Cardinal Antonio María Rouco Varela, who is also the president of the episcopal conference of Spain, said Monday that the proposal that would publicly denounce the Pope “has hurt all Spanish Catholics.”

The proposed censure responds to the comments the Holy Father made during a press conference March 17 on the plane en route to Cameroon. He said that condoms are not the solution for AIDS.

Deputies Gaspar Llamazares of the party United Left and Joan Herrera of the party Initiative for Catalonia Greens introduced the proposal last week. It would express “consternation and rejection” for the comments.

The proposal will be debated later this month or in June in the Commission of International Cooperation for Development.

The Spanish Socialist Workers’ Party and the People’s Party have both said they would not support the bill as the Congress of Deputies is not the place to publicly denounce a head of state.

Cardinal Carlos Amigo Vallejo, the archbishop of Sevilla, responded to the proposal saying it was part of the “new inquisition” that is “fundamentally secular, agnostic and bad-humored,” reported the Spanish news service Religión Digital.

“It’s formed by all the fundamentalists driven to find, with or without reason, the weak point and the faulty side of the Church,” he added.

Manipulation

Cardinal Luis Martínez Sistach, the archbishop of Barcelona, also criticized the proposal in a press statement published Sunday. The cardinal lamented “that they have taken out of context the comments of the Holy Father and have manipulated the position of Benedict XVI as one that is against the defense of life and the promotion of health.”

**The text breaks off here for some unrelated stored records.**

Lemma other_mwc_tie T : k \in T -> wsum T = wsum S -> other_mwc T = (code S < code T).
Proof.
move=> kT eqTS; apply/other_mwcP/idP => [[M [MW MS sMT]]|ltST].
  have kM : k \in M by apply: Wmin_light_mem_k MW sMT kT _; rewrite eqTS.
  have eqMS : wsum M = wsum S.
    by apply/eqP; rewrite eq_le S_lightest // andbT -eqTS wsum_subset.
  rewrite (code_null_extension sMT kM) ?eqTS // lt_neqAle S_code_min // andbT.
  by apply: contra MS => /eqP /(code_Wmin_inj SW kS MW kM) ->.
have GT : G T by rewrite G_wsum eqTS q_le_wsum_S.
have [M MW sMT] := Wmin_sub_exists GT; exists M; split=> //.
apply: contraTneq ltST => eMS; subst M.
by rewrite (code_null_extension sMT kS eqTS) ltxx.
Qed.

Definition lowered i := if i == k then w k - (wsum S - q) else w i.

Lemma lowered_sum T : \sum_(i in T) lowered i = wsum T - (if k \in T then wsum S - q else 0).
Proof.
case: ifP => kT; last first.
  rewrite subr0; apply: eq_bigr => i iT; rewrite /lowered.
  by case: eqP => // eik; rewrite -eik iT in kT.
rewrite (big_setD1 k kT) (wsumD1 kT) /lowered eqxx addrAC; congr (_ + _).
by apply: eq_bigr => i; rewrite !inE => /andP [/negbTE ->].
Qed.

The cardinal expressed his “deep adhesion and communion with the Holy Father” and asked that the “Christian people accompany [the Pope] in the exercise of his ministry as the Successor of Peter at the service of the entire Church.”

Cardinal Antonio Cañizares Llovera, the prefect of the Congregation for Divine Worship and the Sacraments and apostolic administer for the Archdiocese of Toledo, published a statement from Rome in which he asked the faithful of Toledo to offer all the Masses this past weekend for Benedict XVI.

He rejected the proposal as an “attack and a disgrace against a man of God, a good and just man, the utmost defender of humanity, of its dignity and fundamental rights, promoter like few others of the culture of peace and a civilization of love.”

The cardinal said the proposal constitutes “an offense against Spain itself, which is always close to the Pope, [and] loved by him.”